__EXERCISE OBJECTIVE__
Please report every line from the material that contains the word "Defensive".

** THE RECORDS follows **

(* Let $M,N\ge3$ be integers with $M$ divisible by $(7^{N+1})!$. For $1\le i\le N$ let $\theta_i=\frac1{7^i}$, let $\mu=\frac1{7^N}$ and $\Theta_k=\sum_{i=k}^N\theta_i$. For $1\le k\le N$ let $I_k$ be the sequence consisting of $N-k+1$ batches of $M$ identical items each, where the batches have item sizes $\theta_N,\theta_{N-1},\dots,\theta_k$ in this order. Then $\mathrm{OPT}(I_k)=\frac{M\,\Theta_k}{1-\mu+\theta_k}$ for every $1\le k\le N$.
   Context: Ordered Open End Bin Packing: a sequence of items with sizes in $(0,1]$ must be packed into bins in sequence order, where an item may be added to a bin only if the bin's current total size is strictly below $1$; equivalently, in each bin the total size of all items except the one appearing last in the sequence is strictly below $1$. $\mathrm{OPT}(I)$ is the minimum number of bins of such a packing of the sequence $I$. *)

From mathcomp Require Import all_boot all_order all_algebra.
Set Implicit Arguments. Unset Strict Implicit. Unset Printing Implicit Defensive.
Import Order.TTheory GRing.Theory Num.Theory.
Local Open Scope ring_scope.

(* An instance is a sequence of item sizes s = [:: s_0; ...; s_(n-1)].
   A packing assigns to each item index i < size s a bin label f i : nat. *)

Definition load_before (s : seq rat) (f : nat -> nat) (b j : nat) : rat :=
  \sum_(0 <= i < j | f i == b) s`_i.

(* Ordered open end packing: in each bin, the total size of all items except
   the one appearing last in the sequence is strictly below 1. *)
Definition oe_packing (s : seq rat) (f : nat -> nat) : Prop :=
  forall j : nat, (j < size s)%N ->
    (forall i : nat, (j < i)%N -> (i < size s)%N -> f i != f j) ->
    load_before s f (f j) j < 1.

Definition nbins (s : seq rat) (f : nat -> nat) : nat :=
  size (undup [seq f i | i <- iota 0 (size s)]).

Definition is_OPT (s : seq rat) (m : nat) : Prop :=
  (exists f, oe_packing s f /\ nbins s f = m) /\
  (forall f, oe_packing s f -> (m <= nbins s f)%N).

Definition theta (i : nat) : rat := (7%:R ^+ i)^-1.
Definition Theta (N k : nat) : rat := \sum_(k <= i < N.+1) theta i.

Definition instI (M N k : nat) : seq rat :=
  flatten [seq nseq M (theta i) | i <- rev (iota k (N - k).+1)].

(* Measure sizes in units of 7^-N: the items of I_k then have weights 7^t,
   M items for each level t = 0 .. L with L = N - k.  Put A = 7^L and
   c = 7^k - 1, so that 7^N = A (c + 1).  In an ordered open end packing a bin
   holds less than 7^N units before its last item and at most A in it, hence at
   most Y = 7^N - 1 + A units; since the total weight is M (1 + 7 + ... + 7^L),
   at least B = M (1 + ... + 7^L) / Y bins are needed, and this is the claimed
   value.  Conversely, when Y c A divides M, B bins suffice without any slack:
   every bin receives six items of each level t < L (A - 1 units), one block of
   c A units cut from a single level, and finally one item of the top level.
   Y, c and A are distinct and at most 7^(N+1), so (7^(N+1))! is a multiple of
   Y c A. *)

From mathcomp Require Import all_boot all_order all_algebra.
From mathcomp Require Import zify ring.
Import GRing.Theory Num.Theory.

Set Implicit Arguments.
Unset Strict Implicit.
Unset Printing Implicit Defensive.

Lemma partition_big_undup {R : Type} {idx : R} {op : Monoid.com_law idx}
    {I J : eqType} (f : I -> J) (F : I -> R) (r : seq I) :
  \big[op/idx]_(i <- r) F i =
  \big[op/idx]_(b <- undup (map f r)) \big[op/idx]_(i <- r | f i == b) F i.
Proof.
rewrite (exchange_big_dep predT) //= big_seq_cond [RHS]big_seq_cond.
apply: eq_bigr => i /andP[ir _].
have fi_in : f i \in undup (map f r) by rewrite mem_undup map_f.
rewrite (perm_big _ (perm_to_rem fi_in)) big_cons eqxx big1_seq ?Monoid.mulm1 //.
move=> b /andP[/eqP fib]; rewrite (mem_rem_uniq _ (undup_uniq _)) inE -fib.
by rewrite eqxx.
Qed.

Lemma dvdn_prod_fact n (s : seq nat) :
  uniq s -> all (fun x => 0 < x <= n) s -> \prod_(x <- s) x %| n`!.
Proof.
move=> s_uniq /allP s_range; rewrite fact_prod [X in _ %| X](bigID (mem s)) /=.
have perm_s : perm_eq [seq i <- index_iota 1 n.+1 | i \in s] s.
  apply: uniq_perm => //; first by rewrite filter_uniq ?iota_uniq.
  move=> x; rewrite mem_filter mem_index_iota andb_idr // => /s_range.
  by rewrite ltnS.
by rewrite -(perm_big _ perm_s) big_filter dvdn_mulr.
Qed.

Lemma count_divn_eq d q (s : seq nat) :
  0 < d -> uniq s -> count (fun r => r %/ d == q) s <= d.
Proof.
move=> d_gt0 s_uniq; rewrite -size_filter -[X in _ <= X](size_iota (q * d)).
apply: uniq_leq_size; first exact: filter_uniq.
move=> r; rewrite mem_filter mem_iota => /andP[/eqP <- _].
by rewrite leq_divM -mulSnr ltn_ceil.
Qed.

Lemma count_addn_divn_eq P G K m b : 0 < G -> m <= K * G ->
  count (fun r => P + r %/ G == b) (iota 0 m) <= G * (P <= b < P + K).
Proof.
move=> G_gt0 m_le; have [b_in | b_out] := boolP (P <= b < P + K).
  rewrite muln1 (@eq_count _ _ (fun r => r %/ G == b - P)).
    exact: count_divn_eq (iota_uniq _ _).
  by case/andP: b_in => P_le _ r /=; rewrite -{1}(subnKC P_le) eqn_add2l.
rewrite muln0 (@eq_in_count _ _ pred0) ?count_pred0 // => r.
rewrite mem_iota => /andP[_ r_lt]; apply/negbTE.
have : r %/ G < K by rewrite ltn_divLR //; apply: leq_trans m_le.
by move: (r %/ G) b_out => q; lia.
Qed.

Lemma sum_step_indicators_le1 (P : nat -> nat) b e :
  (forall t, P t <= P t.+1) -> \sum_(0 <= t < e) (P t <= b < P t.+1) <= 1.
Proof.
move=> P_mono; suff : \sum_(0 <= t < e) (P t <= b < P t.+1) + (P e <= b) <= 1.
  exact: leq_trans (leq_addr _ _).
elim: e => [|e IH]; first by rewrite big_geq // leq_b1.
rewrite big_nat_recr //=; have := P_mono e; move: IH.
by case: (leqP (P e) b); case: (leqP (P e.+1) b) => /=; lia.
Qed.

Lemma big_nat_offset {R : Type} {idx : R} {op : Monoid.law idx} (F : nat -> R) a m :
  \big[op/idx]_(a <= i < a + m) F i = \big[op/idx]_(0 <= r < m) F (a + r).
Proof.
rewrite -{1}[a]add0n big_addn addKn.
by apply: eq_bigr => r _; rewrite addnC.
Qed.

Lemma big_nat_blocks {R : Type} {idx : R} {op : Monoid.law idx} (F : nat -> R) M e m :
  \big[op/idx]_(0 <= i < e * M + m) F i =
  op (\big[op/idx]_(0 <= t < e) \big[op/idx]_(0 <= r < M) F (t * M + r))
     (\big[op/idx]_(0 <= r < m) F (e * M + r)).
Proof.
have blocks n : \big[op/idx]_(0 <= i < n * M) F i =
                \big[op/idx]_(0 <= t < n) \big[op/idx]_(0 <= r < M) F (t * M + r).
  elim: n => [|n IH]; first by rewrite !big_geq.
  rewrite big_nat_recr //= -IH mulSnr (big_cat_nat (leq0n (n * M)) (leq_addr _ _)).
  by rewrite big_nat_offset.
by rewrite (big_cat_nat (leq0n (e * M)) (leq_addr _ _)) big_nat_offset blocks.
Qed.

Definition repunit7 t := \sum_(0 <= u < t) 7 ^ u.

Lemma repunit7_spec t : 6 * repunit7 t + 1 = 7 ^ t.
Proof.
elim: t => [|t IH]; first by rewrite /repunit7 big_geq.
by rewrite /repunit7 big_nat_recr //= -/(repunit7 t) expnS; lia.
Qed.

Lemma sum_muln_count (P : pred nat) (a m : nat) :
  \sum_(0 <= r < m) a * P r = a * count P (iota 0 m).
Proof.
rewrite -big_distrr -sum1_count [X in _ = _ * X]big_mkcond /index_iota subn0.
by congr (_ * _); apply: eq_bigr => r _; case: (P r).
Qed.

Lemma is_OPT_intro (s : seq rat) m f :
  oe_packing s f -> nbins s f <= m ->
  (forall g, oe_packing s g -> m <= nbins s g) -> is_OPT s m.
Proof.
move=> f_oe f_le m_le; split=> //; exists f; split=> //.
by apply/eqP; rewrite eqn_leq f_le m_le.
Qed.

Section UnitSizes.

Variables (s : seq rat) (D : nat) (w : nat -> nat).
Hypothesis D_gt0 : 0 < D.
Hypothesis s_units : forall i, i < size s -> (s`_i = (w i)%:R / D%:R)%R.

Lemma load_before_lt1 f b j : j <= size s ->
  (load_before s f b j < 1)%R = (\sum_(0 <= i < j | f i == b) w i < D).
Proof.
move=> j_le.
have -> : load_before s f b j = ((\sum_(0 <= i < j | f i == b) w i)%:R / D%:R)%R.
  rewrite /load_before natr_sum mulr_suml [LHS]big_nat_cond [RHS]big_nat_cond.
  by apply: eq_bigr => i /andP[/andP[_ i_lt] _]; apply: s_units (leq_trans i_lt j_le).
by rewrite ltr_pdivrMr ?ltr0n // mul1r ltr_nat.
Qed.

** End of THE RECORDS **

__WRITTEN RESPONSE__
Set Implicit Arguments. Unset Strict Implicit. Unset Printing Implicit Defensive.
Unset Printing Implicit Defensive.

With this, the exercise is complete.